Папа пошёл в Кислянку устраиваться заново в школу. Вскоре мы снова вернулись в наш маленький уютный домик, а я – в свою школу уже в четвёртый класс. Аллочка тоже очень хотела в школу, хотя ей было только шесть лет. Я уже научила её читать, и было решено отдать её в первый класс. Несколько дней она проучилась. Помню день, когда к нам пришла завуч с тем, чтобы Аллочку в школу не принимать. Она беседовала с Аллочкой, объясняла, почему это не разрешается, но та сильно огорчалась и даже плакала. Фактически советский закон был совершенно справедлив. Теперь я знаю, что ещё швейцарский психолог Жан Пиаже доказал, что у детей в семилетнем возрасте меняется стиль мышления. Вот тогда и нужно начинать обучение.

 

Мой сыночек до школы хорошо развивался. Он брал книжки в детский сад и там читал.

Детский сад, в который его отдали, был передовым. В нём детей учили по программе Даниила Эльконина. Да и я сама учила сына. Оказывали на него влияние и мои родители. Так что он оперировал в уме двух- и трёхзначными числами, поэтому я хотела отдать его в школу с шести лет. Но одна знакомая из роно сказала мне:

– Он у вас очень здоров? Не лишайте его детства, пусть физически и психологически окрепнет.

Я до сих пор благодарна этой женщине за совет, который остановил меня. Позднее в педагогической практике я встречала детей, которые учились не по возрасту рано. Преждевременная учебная нагрузка не лучшим образом сказывается на здоровье и академических успехах ребёнка. Так что спасибо завучу, которая не пустила Аллочку в школу. Не надо срывать яблочко, пока оно не созрело.

Недолго на этот раз мы прожили в Кислянке. В 1948 году мы выехали на родину, на Украину.

Глава 2. Дорога домой

Возвращение

Опять прицеп на полозьях – едем на станцию Шумиха, теперь в обратную сторону. В Шумихе погрузились в поезд, но уже не в товарный, а в пассажирский. Ехали долго, может быть, неделю. Помню, как проезжали Харьков. Вокруг руины и колонны пленных, как и на других станциях. Украина освобождена, но разрушена! Пленных немцев использовали на отстройке городов и селений.

Приехали в Бахмач. С нами вернулось и семейство Божко, но без маленького сына. Осталась у них только дочь. Сын был моложе нашего Стасика, на фронт его не забрали. Но война его всё равно достала. Прогуливался с друзьями по полям, нашли неразорвавшуюся мину. Любопытно стало, что-то с ней начали делать, и она взорвалась. Подросток погиб. Таких случаев на территориях, которые побывали под немцами, было много.

Наш дом был занят, поэтому мы жили у сестры деда Кузьмы, пока родители устраивались на работу.

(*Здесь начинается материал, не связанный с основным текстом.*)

(* Let $L:\mathbb{T}^d\times\mathbb{R}^d\to\mathbb{R}$ be continuous and satisfy $\lim_{|v|\to\infty}\inf_{x\in\mathbb{T}^d}L(x,v)/|v|=+\infty$, and let $\varphi:\mathbb{T}^d\to\mathbb{R}$ be Lipschitz continuous. For each $\varkappa>0$ and $x\in\mathbb{T}^d$ let $b_\varkappa[x]$, $p_\varkappa[x]$ be as in the context and choose \[\mathbbm{v}_\varkappa[x]\in\operatorname{Argmax}_{v\in\mathbb{R}^d}\big[-p_\varkappa[x]v-L(x+b_\varkappa[x],v)\big].\] Then there exists a constant $C_3$ such that $|\mathbbm{v}_\varkappa[x]|\le C_3$ for all $\varkappa>0$ and $x\in\mathbb{T}^d$.
   Context: $\mathbb{T}^d=\mathbb{R}^d/\mathbb{Z}^d$; $x+v$ is the translate of $x\in\mathbb{T}^d$ by $v\in\mathbb{R}^d$. $\varphi_\varkappa(x)=\inf\{\varphi(x+v)+\frac{1}{2\varkappa^2}|v|^2: v\in\mathbb{R}^d\}$; $b_\varkappa[x]\in\mathbb{R}^d$ is a chosen vector with $\varphi(x+b_\varkappa[x])+\frac{1}{2\varkappa^2}|b_\varkappa[x]|^2=\varphi_\varkappa(x)$, and $p_\varkappa[x]=\frac{1}{\varkappa^2}(-b_\varkappa[x])^\top$ (a row vector). *)

From HB Require Import structures.
From mathcomp Require Import all_boot all_order all_algebra.
From mathcomp Require Import all_classical all_reals all_analysis.
Set Implicit Arguments. Unset Strict Implicit. Unset Printing Implicit Defensive.
Import Order.TTheory GRing.Theory Num.Theory numFieldNormedType.Exports.
Local Open Scope classical_set_scope.
Local Open Scope ring_scope.

(* Euclidean norm |v| on R^d (the library norm on 'rV is the max norm). *)
Definition enorm {R : realType} {d : nat} (v : 'rV[R]_d) : R :=
  Num.sqrt (\sum_(i < d) v ord0 i ^+ 2).

Definition dotp {R : realType} {d : nat} (p v : 'rV[R]_d) : R :=
  \sum_(i < d) p ord0 i * v ord0 i.

Definition zvec {R : realType} {d : nat} (k : 'rV[int]_d) : 'rV[R]_d :=
  map_mx (fun z : int => z%:~R) k.

(* Functions on T^d = R^d / Z^d are represented as Z^d-Zd_periodic functions on R^d. *)
Definition Zd_periodic {R : realType} {d : nat} {T : Type} (f : 'rV[R]_d -> T) :=
  forall (x : 'rV[R]_d) (k : 'rV[int]_d), f (x + zvec k) = f x.

Definition eucl_lipschitz {R : realType} {d : nat} (f : 'rV[R]_d -> R) :=
  exists K : R, forall x y, `|f x - f y| <= K * enorm (x - y).

Definition phi_kappa {R : realType} {d : nat} (phi : 'rV[R]_d -> R) (kappa : R)
  (x : 'rV[R]_d) : R :=
  inf [set phi (x + v) + (enorm v) ^+ 2 / (2 * kappa ^+ 2) | v in [set: 'rV[R]_d]].

Definition p_kappa {R : realType} {d : nat} (b : 'rV[R]_d) (kappa : R) : 'rV[R]_d :=
  kappa ^- 2 *: (- b).

Definition Argmax {R : realType} {d : nat} (f : 'rV[R]_d -> R) : set 'rV[R]_d :=
  [set v | forall w, f w <= f v].

From HB Require Import structures.
From mathcomp Require Import all_boot all_order all_algebra.
From mathcomp Require Import all_classical all_reals all_analysis.
From mathcomp Require Import ring lra.
Set Implicit Arguments. Unset Strict Implicit. Unset Printing Implicit Defensive.
Import Order.TTheory GRing.Theory Num.Theory numFieldNormedType.Exports.
Local Open Scope classical_set_scope.
Local Open Scope ring_scope.

(* Comparing the maximiser v with the competitor 0 gives
   L(x + b, v) <= L(x + b, 0) + |p_kappa| |v|.  The minimiser b_kappa[x] of the
   Moreau envelope satisfies |b|^2 / (2 kappa^2) <= phi(x) - phi(x + b) <= K |b|
   for the Lipschitz constant K of phi, so |p_kappa| = |b| / kappa^2 <= 2K
   uniformly in kappa, and L(., 0) is bounded by periodicity and compactness.
   Superlinear growth of L then forbids |v| from being large. *)

Lemma young_sqr (R : realFieldType) (a c e : R) :
  0 < e -> a * c <= a ^+ 2 / (2 * e) + e * c ^+ 2 / 2.
Proof.
move=> e0; rewrite -subr_ge0.
have -> : a ^+ 2 / (2 * e) + e * c ^+ 2 / 2 - a * c = (a - e * c) ^+ 2 / (2 * e).
  by field; rewrite gt_eqF.
by rewrite divr_ge0 ?sqr_ge0 // ltW // mulr_gt0.
Qed.

Section EuclideanNorm.
Variables (R : realType) (d : nat).
Implicit Types (a : R) (p v : 'rV[R]_d).

Lemma enorm_ge0 v : 0 <= enorm v.
Proof. exact: sqrtr_ge0. Qed.

Lemma enorm_sqr v : enorm v ^+ 2 = \sum_(i < d) v ord0 i ^+ 2.
Proof. by rewrite sqr_sqrtr // sumr_ge0 // => i _; exact: sqr_ge0. Qed.

Lemma enorm0 : enorm (0 : 'rV[R]_d) = 0.
Proof. by rewrite /enorm big1 ?sqrtr0 // => i _; rewrite mxE expr0n. Qed.

Lemma enorm_eq0_coef v : enorm v = 0 -> forall i, v ord0 i = 0.
Proof.
move=> v0 i; have sum0 : \sum_(j < d) v ord0 j ^+ 2 = 0 by rewrite -enorm_sqr v0 expr0n.
have /eqP := psumr_eq0P (fun j _ => sqr_ge0 (v ord0 j)) sum0 (i := i) isT.
by rewrite sqrf_eq0 => /eqP.
Qed.

Lemma enormZ a v : enorm (a *: v) = `|a| * enorm v.
Proof.
rewrite /enorm -sqrtr_sqr -sqrtrM ?sqr_ge0 // mulr_sumr.
by congr Num.sqrt; apply: eq_bigr => i _; rewrite mxE exprMn.
Qed.

Lemma enormN v : enorm (- v) = enorm v.
Proof. by rewrite -scaleN1r enormZ normrN1 mul1r. Qed.

Lemma enorm_p_kappa v a : enorm (p_kappa v a) = a ^- 2 * enorm v.
Proof. by rewrite enormZ enormN ger0_norm // invr_ge0 sqr_ge0. Qed.

Lemma dotp0 p : dotp p 0 = 0.
Proof. by rewrite /dotp big1 // => i _; rewrite mxE mulr0. Qed.

Lemma dotpNl p v : dotp (- p) v = - dotp p v.
Proof. by rewrite /dotp -sumrN; apply: eq_bigr => i _; rewrite mxE mulNr. Qed.

Lemma dotp_le_enorm p v : dotp p v <= enorm p * enorm v.
Proof.
have [s0|s0] := eqVneq (enorm p) 0.
  by rewrite s0 mul0r /dotp big1 // => i _; rewrite (enorm_eq0_coef s0) mul0r.
have [t0|t0] := eqVneq (enorm v) 0.
  by rewrite t0 mulr0 /dotp big1 // => i _; rewrite (enorm_eq0_coef t0) mulr0.
have sp : 0 < enorm p by rewrite lt_def s0 enorm_ge0.
have tp : 0 < enorm v by rewrite lt_def t0 enorm_ge0.
(* expand 0 <= sum_i (|v| p_i - |p| v_i)^2 *)
have key : 2 * enorm p * enorm v * dotp p v <=
    enorm v ^+ 2 * (\sum_(i < d) p ord0 i ^+ 2) +
    enorm p ^+ 2 * (\sum_(i < d) v ord0 i ^+ 2).
  rewrite /dotp !mulr_sumr -big_split /=; apply: ler_sum => i _.
  have := sqr_ge0 (enorm v * p ord0 i - enorm p * v ord0 i); nra.
rewrite -!enorm_sqr in key.
move: key sp tp; move: (enorm p) (enorm v) (dotp p v) => s t z key sp tp.
have : 0 < s * t by exact: mulr_gt0.
nra.
Qed.

Lemma oppr_dotp_le_enorm p v : - dotp p v <= enorm p * enorm v.
Proof. by rewrite -dotpNl -(enormN p) dotp_le_enorm. Qed.

End EuclideanNorm.

Lemma eucl_lipschitz_subr_le (R : realType) (d : nat) (f : 'rV[R]_d -> R) :
  eucl_lipschitz f ->
  exists2 K, 0 <= K & forall x v, f x - f (x + v) <= K * enorm v.
Proof.
move=> [K0 fK0]; exists (Num.max K0 0); first by rewrite le_max lexx orbT.
move=> x v; have := fK0 (x + v) x; rewrite addrAC subrr add0r ler_norml.
move=> /andP[fK _]; have : K0 * enorm v <= Num.max K0 0 * enorm v.
  by rewrite ler_wpM2r ?enorm_ge0 // le_max lexx.
lra.
Qed.

Section MoreauEnvelope.
Variables (R : realType) (d : nat) (phi : 'rV[R]_d -> R) (K kappa : R).
Hypothesis K_ge0 : 0 <= K.
Hypothesis phiK : forall x v, phi x - phi (x + v) <= K * enorm v.
Hypothesis kappa_gt0 : 0 < kappa.

Lemma phi_kappa_le_phi x : phi_kappa phi kappa x <= phi x.
Proof.
apply: ge_inf.
  exists (phi x - kappa ^+ 2 * K ^+ 2 / 2) => _ [v _ <-].
  have := phiK x v; have := young_sqr (enorm v) K (exprn_gt0 2 kappa_gt0); lra.
by exists 0 => //; rewrite addr0 enorm0 expr0n /= mul0r addr0.
Qed.

Lemma Moreau_minimizer_enorm_le x b :
  phi (x + b) + enorm b ^+ 2 / (2 * kappa ^+ 2) = phi_kappa phi kappa x ->
  enorm b <= 2 * K * kappa ^+ 2.
Proof.
move=> bmin; have k2_gt0 : 0 < kappa ^+ 2 := exprn_gt0 2 kappa_gt0.
have : enorm b ^+ 2 / (2 * kappa ^+ 2) <= K * enorm b.
  by have := phiK x b; have := phi_kappa_le_phi x; lra.
rewrite ler_pdivrMr ?mulr_gt0 //.
have := enorm_ge0 b; move: (enorm b) => s s_ge0 s_le.
have [->|s_neq0] := eqVneq s 0; first by rewrite !mulr_ge0 // ltW.
have s_gt0 : 0 < s by rewrite lt_def s_neq0.
by rewrite -(ler_pM2r s_gt0) -expr2; lra.
Qed.

End MoreauEnvelope.

Lemma Zd_translate_unit_cube (R : realType) (d : nat) (y : 'rV[R]_d) :
  exists k : 'rV[int]_d, forall i, 0 <= (y + zvec k) ord0 i <= 1.
Proof.
exists (\row_i (- Num.floor (y ord0 i))) => i.
rewrite !mxE mulrNz subr_ge0 floor_le /= lerBlDl; apply: ltW.
by have := floorD1_gt (y ord0 i); rewrite intrD addrC.
Qed.

Lemma Zd_periodic_continuous_ubounded (R : realType) (d : nat)
    (f : 'rV[R]_d -> R) :
  Zd_periodic f -> continuous f -> exists B, forall y, f y <= B.
Proof.
move=> fper fcont.
pose cube := [set v : 'rV[R]_d | forall i, `[0, 1]%classic (v ord0 i)].
have cube_compact : compact cube :=
  @rV_compact R d (fun _ => `[0, 1]%classic) (fun _ => @segment_compact R 0 1).
have cube0 : cube !=set0 by exists 0 => i; rewrite /= mxE in_itv /= lexx ler01.
have [c _ fc_max] :=
  EVT_max_rV cube0 cube_compact (continuous_subspaceT fcont).
exists (f c) => y; have [k yk] := Zd_translate_unit_cube y.
by rewrite -(fper y k); apply: fc_max; rewrite inE => i /=; rewrite in_itv yk.
Qed.

Lemma continuous2_section_l (T U V : topologicalType) (g : T -> U -> V) (u : U) :
  continuous (fun tu : T * U => g tu.1 tu.2) -> continuous (g^~ u).
Proof.
move=> gcont t.
have pair_cont : {for t, continuous (fun t' => (t', u))}.
  exact: cvg_pair (@cvg_id _ (nbhs t)) (cvg_cst u).
exact: continuous_comp pair_cont (gcont (t, u)).
Qed.

Lemma Argmax_enorm_le (R : realType) (d : nat) (l : 'rV[R]_d -> R)
    (p v : 'rV[R]_d) (c B r : R) :
  enorm p <= c -> l 0 <= B ->
  (forall w, r <= enorm w -> (c + 1) * enorm w <= l w) ->
  Argmax (fun w => - dotp p w - l w) v -> enorm v <= Num.max r B.
Proof.
move=> pc l0B l_super v_max.
have := v_max 0; rewrite dotp0 oppr0 sub0r => l_le.
have : - dotp p v <= c * enorm v.
  by rewrite (le_trans (oppr_dotp_le_enorm p v)) // ler_wpM2r ?enorm_ge0.
rewrite le_max; have [/l_super|] := lerP r (enorm v); last by move=> /ltW ->.
by rewrite mulrDl mul1r; lra.
Qed.

Theorem proposition5 (R : realType) (d : nat)
  (L : 'rV[R]_d -> 'rV[R]_d -> R) (phi : 'rV[R]_d -> R)
  (b vv : R -> 'rV[R]_d -> 'rV[R]_d) :
  (* L : T^d x R^d -> R, continuous *)
  (forall v, Zd_periodic (fun x => L x v)) ->
  continuous (fun xv : 'rV[R]_d * 'rV[R]_d => L xv.1 xv.2) ->
  (* lim_{|v| -> oo} inf_x L(x,v)/|v| = +oo *)
  (forall M : R, exists r : R, forall v, r <= enorm v ->
      forall x, M * enorm v <= L x v) ->
  (* phi : T^d -> R Lipschitz *)
  Zd_periodic phi -> eucl_lipschitz phi ->
  (* b_kappa[x] : a chosen minimizer realizing phi_kappa(x) *)
  (forall kappa, 0 < kappa -> Zd_periodic (b kappa)) ->
  (forall kappa x, 0 < kappa ->
      phi (x + b kappa x) + (enorm (b kappa x)) ^+ 2 / (2 * kappa ^+ 2)
      = phi_kappa phi kappa x) ->
  (* v_kappa[x] in Argmax_v [ - p_kappa[x] v - L(x + b_kappa[x], v) ] *)
  (forall kappa, 0 < kappa -> Zd_periodic (vv kappa)) ->
  (forall kappa x, 0 < kappa ->
      Argmax (fun v => - dotp (p_kappa (b kappa x) kappa) v
                       - L (x + b kappa x) v) (vv kappa x)) ->
  exists C3 : R, forall kappa x, 0 < kappa -> enorm (vv kappa x) <= C3.
Proof.
move=> L_per L_cont L_super _ phi_lip _ b_min _ vv_max.
have [K K_ge0 phiK] := eucl_lipschitz_subr_le phi_lip.
have [B L0B] := Zd_periodic_continuous_ubounded (L_per 0)
  (@continuous2_section_l _ _ _ L 0 L_cont).
have [r L_r] := L_super (2 * K + 1).
exists (Num.max r B) => kappa x kappa_gt0.
apply: (Argmax_enorm_le (c := 2 * K)) (vv_max _ _ kappa_gt0).
- rewrite enorm_p_kappa ler_pdivrMl ?exprn_gt0 // mulrC.
  exact: Moreau_minimizer_enorm_le (b_min _ _ kappa_gt0).
- exact: L0B.
- by move=> w /L_r.
Qed.
(* Let $\mathcal{X}=\{A\in\mathcal{M}_d: A=A^\dagger,\ \operatorname{tr}A=0\}$, viewed as a real vector space, with basis consisting of $\sigma_x^{jk}=|j\rangle\langle k|+|k\rangle\langle j|$ and $\sigma_y^{jk}=-i(|j\rangle\langle k|-|k\rangle\langle j|)$ for $1\le j<k\le d$, and $\sigma_z^j=|j\rangle\langle j|-|j+1\rangle\langle j+1|$ for $j=1,\dots,d-1$. Let $\mathcal{V}=\{A\mapsto UAU^\dagger: U\in\mathcal{M}_d\text{ unitary}\}$, regarded as a set of real-linear maps on $\mathcal{X}$, and let $\mathrm{zerospan}_{\mathbb{R}}\mathcal{V}$ denote the set of all finite real linear combinations $\sum_i\lambda_i V_i$ with $V_i\in\mathcal{V}$, $\lambda_i\in\mathbb{R}$ and $\sum_i\lambda_i=0$. Then for each basis vector $B$ of $\mathcal{X}$ listed above there exists $T\in\mathrm{zerospan}_{\mathbb{R}}\mathcal{V}$ with $T(B)=B$ and $T(B')=0$ for every other basis vector $B'$ in the list.
   Context: $\{|1\rangle,\dots,|d\rangle\}$ is the standard basis of $\mathbb{C}^d$. *)

From HB Require Import structures.
From mathcomp Require Import all_boot all_order all_algebra.
From mathcomp Require Import reals.
From mathcomp.real_closed Require Import complex.
Set Implicit Arguments. Unset Strict Implicit. Unset Printing Implicit Defensive.
Import Order.TTheory GRing.Theory Num.Theory.
Local Open Scope ring_scope.
Local Open Scope complex_scope.
Lemma in_wspaceP al (psi : 'cV[C]_n) : in_wspace A al psi <->
  forall i, (adjmx U *m psi) i 0 != 0 -> omega i = al.
Proof.
set c := adjmx U *m psi.
have -> : in_wspace A al psi <-> forall v, D v *m c = (dpair al v)%:C *: c.
  split => wsp v.
    move: (wsp v); rewrite iota_mapE => /(congr1 (mulmx (adjmx U))).
    by rewrite !mulmxA UU' mul1mx -!mulmxA -scalemxAr.
  rewrite iota_mapE {1}(eigv_expand psi) -/c -!mulmxA (mulmxA (adjmx U) U) UU'.
  by rewrite mul1mx wsp -scalemxAr -eigv_expand.
clearbody c; split => [wsp i ci | c_supp v].
  apply/rowP => k; move: (wsp (delta_mx 0 k)) => /matrixP/(_ i 0).
  by rewrite mul_diag_mx !mxE !dpair_delta !mxE => /(mulIf ci) [].
apply/matrixP => i j; rewrite ord1 mul_diag_mx !mxE.
by have [->|/c_supp ->] := eqVneq (c i 0) 0; rewrite ?mulr0.
Qed.

Lemma eigv_wspace i : in_wspace A (omega i) (eigv i).
Proof.
apply/in_wspaceP => j; rewrite adjU_eigv mxE.
by have [->|] := eqVneq j i; rewrite ?eqxx.
Qed.

Lemma is_weightP al : is_weight A al <-> exists i, omega i = al.
Proof.
split => [[psi [psi_neq0 /in_wspaceP psi_al]] | [i <-]].
  have : adjmx U *m psi != 0.
    by apply: contraNneq psi_neq0 => psi0; rewrite (eigv_expand psi) psi0 mulmx0.
  by move=> /matrix_neq0[i [j]]; rewrite ord1 => /psi_al; exists i.
by exists (eigv i); split; [apply: eigv_neq0 | apply: eigv_wspace].
Qed.

Lemma weight_omega i : weight_set A (omega i).
Proof. by apply/is_weightP; exists i. Qed.

Lemma in_HF_coord (F : set 'rV[R]_d) psi : in_HF A F psi ->
  forall i, (adjmx U *m psi) i 0 != 0 -> F (omega i).
Proof.
move=> [k [om [phi [phiP ->]]]] i; rewrite mulmx_sumr summxE => sum_neq0.
have [j phij] : exists j, (adjmx U *m phi j) i 0 != 0.
  apply: contrapT => phi0; move: sum_neq0; rewrite big1 ?eqxx // => j _.
  by apply: contrapT => phij; apply: phi0; exists j; apply/eqP.
by have [_ [Fj /in_wspaceP ->]] := phiP j.
Qed.

Lemma in_HF_eigv (F : set 'rV[R]_d) i : F (omega i) -> in_HF A F (eigv i).
Proof.
move=> Fi; exists 1%N, (fun=> omega i), (fun=> eigv i); split; last by rewrite big_ord1.
by move=> _; split; [apply: weight_omega | split; [|apply: eigv_wspace]].
Qed.

Lemma pre_span1P i1 v :
  pre_span1 A v <-> forall i, dpair (omega i) v = dpair (omega i1) v.
Proof.
split => [[c iota_c] | omega_v].
  have omega_c i : dpair (omega i) v = c.
    by apply: (@eigv_scale_inj _ _ i); rewrite -iota_eigv iota_c mul_scalar_mx.
  by move=> i; rewrite !omega_c.
exists (dpair (omega i1) v); apply: eq_on_eigv => i.
by rewrite iota_eigv omega_v mul_scalar_mx.
Qed.

Definition eigprob (G : 'M[C]_n) i :=
  complex.Re ((adjmx (eigv i) *m G *m eigv i) 0 0).

Lemma eigv_form (X : 'M[C]_n) i :
  (adjmx (eigv i) *m X *m eigv i) 0 0 = (adjmx U *m X *m U) i i.
Proof.
have -> : adjmx (eigv i) = delta_mx 0 i *m adjmx U.
  rewrite /eigv adjmxM; congr (_ *m _); apply/matrixP => a b.
  by rewrite !mxE ord1 eqxx andbT; case: (b == i); rewrite ?conjc1 ?conjc0.
have -> : delta_mx 0 i *m adjmx U *m X *m eigv i
          = delta_mx 0 i *m (adjmx U *m X *m U) *m e i :> 'M[C]_1.
  by rewrite /eigv !mulmxA.
by rewrite -rowE -colE !mxE.
Qed.

Lemma eigprob_ge0 G i : density_op G -> 0 <= eigprob G i.
Proof. by move=> [_ [G_psd _]]; apply: cRe_ge0. Qed.

Lemma eigprob_sum G : density_op G -> \sum_i eigprob G i = 1.
Proof.
move=> [_ [_ trG]]; rewrite /eigprob -cRe_sum.
under eq_bigr do rewrite eigv_form.
by rewrite -/(\tr _) -mulmxA mxtrace_mulC -mulmxA UU mulmx1 trG.
Qed.

Lemma istar_eigprob G : istar A G = \sum_i eigprob G i *: omega i.
Proof.
apply/rowP => k; rewrite !mxE summxE AE !mulmxA mxtrace_mulC !mulmxA.
rewrite /mxtrace cRe_sum; apply: eq_bigr => i _.
rewrite mul_mx_diag [X in complex.Re X]mxE [X in _ * X]mxE mulrC cReMr.
by rewrite [RHS]mxE /eigprob eigv_form [omega i 0 k]mxE mulrC.
Qed.

Lemma eigprob_eq0 G i : density_op G -> eigprob G i = 0 <-> G *m eigv i = 0.
Proof.
move=> [Gh [G_psd _]]; split; first exact: psd_form_eq0.
by move=> G0; rewrite /eigprob -mulmxA G0 mulmx0 mxE.
Qed.

Lemma weight_diffs_rank i1 k : has_affdim (conv_hull (weight_set A)) k ->
  \rank (\matrix_i (omega i - omega i1)) = k.
Proof.
move=> dimk; apply: (has_affdim_rank (s0 := omega i1) (g := omega) _ _ _ _ dimk).
- exact: conv_hullW (weight_omega i1).
- by move=> j; apply: conv_hullW (weight_omega j).
- by move=> j; rewrite rowK.
move=> s [N [p [l [Sp [_ [l1 ->]]]]]]; rewrite conv_comb_subr //.
apply: summx_sub => j _; apply: scalemx_sub.
have [i <-] := proj1 (is_weightP _) (Sp j).
by apply: (eq_row_sub i); rewrite rowK.
Qed.

Section Coisometry.
Variables (m : nat) (P : 'M[C]_(m, n)) (F : set 'rV[R]_d).
Hypotheses (PP : P *m adjmx P = 1%:M)
  (HP : forall psi : 'cV[C]_n,
          (exists x : 'cV[C]_m, psi = adjmx P *m x) <-> in_HF A F psi).

Lemma P_eigv_out i : ~ F (omega i) -> P *m eigv i = 0.
Proof.
move=> nFi; have PU0 j : (adjmx U *m adjmx P) i j = 0.
  have : in_HF A F (adjmx P *m delta_mx j (0 : 'I_1)) by apply/HP; exists (delta_mx j 0).
  move/in_HF_coord => /(_ i); rewrite mulmxA -colE mxE.
  by case: eqP => // _ /(_ isT).
apply/matrixP => a b; rewrite ord1 /eigv mulmxA -colE [RHS]mxE.
have -> : P *m U = adjmx (adjmx U *m adjmx P) by rewrite adjmxM !adjmxK.
by rewrite mxE adjmxE PU0 conjc0.
Qed.

Lemma coproj_eigv i :
  coproj P *m eigv i = if `[< F (omega i) >] then eigv i else 0.
Proof.
case: asboolP => Fi; last by rewrite coprojE -mulmxA P_eigv_out // mulmx0.
have [x ->] : exists x, eigv i = adjmx P *m x by apply/HP; apply: in_HF_eigv.
by rewrite mulmxA (coproj_adj PP).
Qed.

Lemma coproj_coord (psi : 'cV[C]_n) i :
  coproj P *m psi = psi -> ~ F (omega i) -> (adjmx U *m psi) i 0 = 0.
Proof.
move=> Qpsi nFi; rewrite -Qpsi mulmxA -coproj_herm -adjmxM mxE big1 // => j _.
rewrite adjmxE; have -> : (coproj P *m U) j i = (coproj P *m eigv i) j 0.
  by rewrite /eigv mulmxA -colE [RHS]mxE.
by rewrite coproj_eigv (asboolF nFi) mxE conjc0 mul0r.
Qed.

Lemma iota_coproj v : iota_map A v *m coproj P = coproj P *m iota_map A v.
Proof.
apply: eq_on_eigv => i; rewrite -!mulmxA coproj_eigv iota_eigv -scalemxAr coproj_eigv.
by case: asboolP => _; rewrite ?iota_eigv ?mulmx0 ?scaler0.
Qed.

Lemma restrA_abelian : abelian_th A -> abelian_th (restrA P A).
Proof.
move=> Ab v w; rewrite !iota_restrA.
have mulE x y : P *m iota_map A x *m adjmx P *m (P *m iota_map A y *m adjmx P)
                = P *m (iota_map A x *m iota_map A y) *m adjmx P.
  rewrite !mulmxA -(mulmxA _ (adjmx P) P) -coprojE -(mulmxA _ _ (coproj P)).
  by rewrite iota_coproj !mulmxA (P_coproj PP).
by rewrite !mulE Ab.
Qed.

Lemma restrA_weightP al :
  weight_set (restrA P A) al <-> weight_set A al /\ F al.
Proof.
split => [[x [x_neq0 x_wsp]] | [al_wt Fal]].
  pose psi := adjmx P *m x.
  have Qpsi : coproj P *m psi = psi by rewrite /psi mulmxA (coproj_adj PP).
  have psi_neq0 : psi != 0.
    apply: contraNneq x_neq0 => psi0.
    by rewrite -[x]mul1mx -PP -mulmxA -/psi psi0 mulmx0.
  have psi_wsp : in_wspace A al psi.
    move=> v; rewrite -{1}Qpsi mulmxA iota_coproj coprojE -!mulmxA.
    have -> : P *m (iota_map A v *m (adjmx P *m x)) = iota_map (restrA P A) v *m x.
      by rewrite iota_restrA !mulmxA.
    by rewrite x_wsp scalemxAr.
  have : adjmx U *m psi != 0.
    by apply: contraNneq psi_neq0 => c0; rewrite (eigv_expand psi) c0 mulmx0.
  move=> /matrix_neq0[i [j]]; rewrite ord1 => ci.
  rewrite -(proj1 (in_wspaceP al psi) psi_wsp i ci); split; first exact: weight_omega.
  by apply: contrapT => nFi; rewrite (coproj_coord Qpsi nFi) eqxx in ci.
have [i al_i] := proj1 (is_weightP al) al_wt.
have PQu : adjmx P *m (P *m eigv i) = eigv i.
  by rewrite mulmxA -coprojE coproj_eigv asboolT // al_i.
exists (P *m eigv i); split.
  by apply: contraNneq (eigv_neq0 i) => Pu0; rewrite -PQu Pu0 mulmx0.
move=> v; rewrite iota_restrA -mulmxA PQu -mulmxA iota_eigv al_i.
by rewrite -scalemxAr.
Qed.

У них семья большая, но нас приютили. С бабушкой Фионой жили двое дочерей. Надежда незамужняя, а Манюська (так называли Марию) была замужем за Алексеем. У них были две маленькие дочери. Кроме них, у Фионы жила внучка Майя – дочь старшей из её дочерей Натальи. Сама Наталья уехала искать счастья в Сибирь. Я её никогда не видела. Только знаю, что судьба её сложилась несчастливо. Майя была старше меня на пару лет. Она отлично училась и очень хорошо пела.

В доме было всего две комнаты. На Украине в селе строили дома по одному образцу. В общем пространстве дома отделялось хозяйственное помещение (кладовка), остальное пространство – жилое. Оно делилось на две части русской печкой с перекатом. Перекат – это длинная стена, шедшая от печки, отделяющая нары – ложе за перекатом от «хаты» – основной комнаты. Спали на печке и за перекатом на нарах. В передней комнате стояла кровать. Вот такие спальные места. Как мы там помещались вместе с хозяевами – загадка. По пословице: «В тесноте, да не в обиде». Тогда народ радовался друг другу и делил хлеб и кров с удовольствием. Радовались, что пережили войну, что остались живы, радовались, что снова встретились, общению друг с другом.

Мы с мамой Василисой стали навещать старых знакомых и соседей. У кого-то осели какие-то наши пожитки, такие как посуда, кое-что из мебели (венские стулья), наши довоенные фотографии. Люди, которые знали меня маленькой девочкой, разочарованно произносили: «Это Лиля?» Мама рассказывала, что я была очень красивым ребёнком, а теперь стала гадким утёнком в свои десять лет. Эти замечания оставили впечатление на всю мою жизнь, поэтому я всегда считала себя некрасивой, особенно по сравнению с Аллочкой. Видимо, и это сказалось на моей судьбе.

Тем временем мамуся с папой отправились в роно и получили направление в Плиски. Вот туда мы и поехали.

Плиски

Это большое село с большой средней школой. Главный корпус построен в 1913 году. В нашу школу поступали ученики из окрестных сёл, в которых были только семилетки. Поэтому в восьмых – десятых классах было много учеников, по два класса в параллели.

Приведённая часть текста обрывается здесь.